TEL AVIV (AFP) - French President Francois Hollande landed in Israel on Sunday for a visit set to be dominated by the issue of world talks with Iran on its disputed nuclear programme.
The visit, Mr Hollande's first since he became president in 2012, will also see him travelling to the Palestinian territories to discuss Middle East peace talks which have been limping along for three months with little signs of progress.
Mr Hollande, who is flatlining in opinion polls at home, will also use his three-day visit to try to boost trade with the Jewish state, which stood at 2.3 billion euros (S$3.9 billion) in 2011.
Descending from the plane at Ben Gurion Airport, he was welcomed on the red carpet by his Israeli counterpart Shimon Peres and Prime Minister Benjamin Netanyahu, with whom he will hold talks later in the day.
Both Israeli leaders have urged Paris, which took a tougher line than its Western partners in the latest talks with Iran which ended last weekend, to maintain its firm stance when they meet again in Geneva on Wednesday.
"We are convinced that if Iran manufactures its bomb, all the countries of the Middle East will want to follow suit," Mr Peres told French weekly Le Journal du Dimanche.
Israel and Western powers suspect Iran's uranium enrichment programme is part of a covert drive to acquire a nuclear weapons capability, an allegation Teheran vehemently denies.
In a bid to keep up pressure as the talks resume, Mr Netanyahu will fly to Russia on Wednesday to raise the issue with President Vladimir Putin.
And he will also discuss the matter with United States Secretary of State John Kerry when he returns to Jerusalem on Friday, Mr Netanyahu told a weekly meeting of his Cabinet.
"We shall talk about this at the top of the many issues on the agenda. We shall do the same with President Putin on my visit to Moscow on Wednesday and will do the same with the American Secretary of State John Kerry, who arrives here on Friday," he said, quoted by his office.
"I hope we'll be able to convince our friends this week and in the following days to get a much better deal.
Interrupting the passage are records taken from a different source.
(* Let $n\ge1$, $k\ge0$ be integers and define the $n\times n$ matrices $M_0(n,k)=\big(\mathcal P^+_{i+j}(k,0)\big)_{0\le i,j\le n-1}$ and $MP_0(n,k)=\big(\sum_{l\ge0}\mathcal P^+_{i+j}(k,l)\big)_{0\le i,j\le n-1}$. Then $$A(n)\cdot MP_0(n,k)=M_0(n,k)+C_0(n,k),$$ where $C_0(n,k)=(C_{i,j})_{0\le i,j\le n-1}$ has $C_{i,j}=0$ for $i\le n-2$ and $C_{n-1,j}=(xy)^{n-1}\sum_{l\ge0}\mathcal P_j(0,n-k+l)$.
   Context: Three-step paths consist of up-steps $(1,1)$, level steps $(1,0)$ and down-steps $(1,-1)$. Weights: $w((1,1))=1$, $w((1,0))=x+y$, $w((1,-1))=xy$; a path's weight is the product of its step weights. $\mathcal P_n(k,l)$ is the sum of weights of all three-step paths from $(0,k)$ to $(n,l)$; $\mathcal P^+_n(k,l)$ the same restricted to paths never running below the $x$-axis. The matrix $A(n)=(A_{n,i,j})_{0\le i,j\le n-1}$ is defined by $A_{n,i,j}=\frac{(1+x)(1+y)}{xy}$ if $i=j<n-1$; $-\frac1{xy}$ if $i=j-1<n-1$; $A_{n,n-1,n-1}=\frac{xy-(n-1)(x+y)}{xy}$; for $j<n-1$, $$A_{n,n-1,j}=\frac{(-1)^{n+j}}{xy}\sum_{l=j}^{n}\left(\binom lj\binom{n+j-1-l}{j}x^{l-j}y^{n-1-l}+\binom lj\binom{n+j-l}{j}x^{l-j}y^{n-l}\right);$$ and $0$ otherwise (binomial coefficients $\binom ab=0$ if $b<0$ or $a<b$). *)

From HB Require Import structures.
From mathcomp Require Import all_boot all_order all_algebra.
Set Implicit Arguments. Unset Strict Implicit. Unset Printing Implicit Defensive.
Import Order.TTheory GRing.Theory Num.Theory.
Local Open Scope ring_scope.

Section Paths.
Variable R : fieldType.
Variables x y : R.

(* P^+_m(k,l): weighted sum of three-step paths of length m from (0,k) to
   (m,l) never going below the x-axis (heights are nats). The last step is
   an up-step (weight 1) from l-1, a level step (weight x+y) from l, or a
   down-step (weight xy) from l+1. *)
Fixpoint Pplus (m k l : nat) : R :=
  match m with
  | 0 => (k == l)%:R
  | m'.+1 => (if l is l'.+1 then Pplus m' k l' else 0)
             + (x + y) * Pplus m' k l + x * y * Pplus m' k l.+1
  end.

Fixpoint Pz (m : nat) (k l : int) : R :=
  match m with
  | 0 => (k == l)%:R
  | m'.+1 => Pz m' k (l - 1) + (x + y) * Pz m' k l + x * y * Pz m' k (l + 1)
  end.

Definition binz (a : int) (b : nat) : R :=
  if (a < 0)%R then 0 else ('C(`|a|%N, b))%:R.

Definition Aent (n i j : nat) : R :=
  if (i == j) && (i < n.-1)%N then (1 + x) * (1 + y) / (x * y)
  else if (i.+1 == j) && (i < n.-1)%N then - 1 / (x * y)
  else if (i == n.-1) && (j == n.-1) then (x * y - (n.-1)%:R * (x + y)) / (x * y)
  else if (i == n.-1) && (j < n.-1)%N then
    (-1) ^+ (n + j) / (x * y) *
    \sum_(j <= l < n.+1)
      (binz l%:Z j * binz (n%:Z + j%:Z - 1 - l%:Z) j * x ^+ (l - j)
         * y ^ (n%:Z - 1 - l%:Z)
       + binz l%:Z j * binz (n%:Z + j%:Z - l%:Z) j * x ^+ (l - j)
         * y ^ (n%:Z - l%:Z))
  else 0.

Definition Amx (n : nat) : 'M[R]_n := \matrix_(i < n, j < n) Aent n i j.

(* Sums over l >= 0: the summands vanish beyond the stated finite bounds
   (a path of length m from height k ends at height <= k + m; and
   P_j(0, h) = 0 unless |h| <= j), so these finite sums are the sums
   over all l >= 0. *)
Definition sumPplus (m k : nat) : R := \sum_(l < k + m + 1) Pplus m k l.

Definition sumPz (n k j : nat) : R :=
  \sum_(l < j + k + 1) Pz j 0 (n%:Z - k%:Z + l%:Z).

Definition M0 (n k : nat) : 'M[R]_n := \matrix_(i < n, j < n) Pplus (i + j) k 0.

Definition MP0 (n k : nat) : 'M[R]_n := \matrix_(i < n, j < n) sumPplus (i + j) k.

Definition C0 (n k : nat) : 'M[R]_n :=
  \matrix_(i < n, j < n)
    (if (i : nat) == n.-1 then (x * y) ^+ n.-1 * sumPz n k j else 0).

End Paths.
It can be achieved," said Mr Netanyahu.
"Iran is under economic pressure stress, and continuing to apply pressure and even increasing it can yield a much better diplomatic result."
Mr Hollande's office said although France's "tactical approach" on Iran was different from Israel's more bellicose stance, both seek to prevent Teheran from developing a nuclear weapon.
Mr Ovadia Sofer, a former Israeli ambassador to Paris, says France and Israel share similar views on the threat posed by a nuclear Iran.
"France identifies with Israel on the issue of Iran," he told public radio.
"France had the mandate for Syria and Lebanon (after World War I), and to this day French policy is based on a basic and deep-rooted interest in those countries, and Iran jeopardises those interests."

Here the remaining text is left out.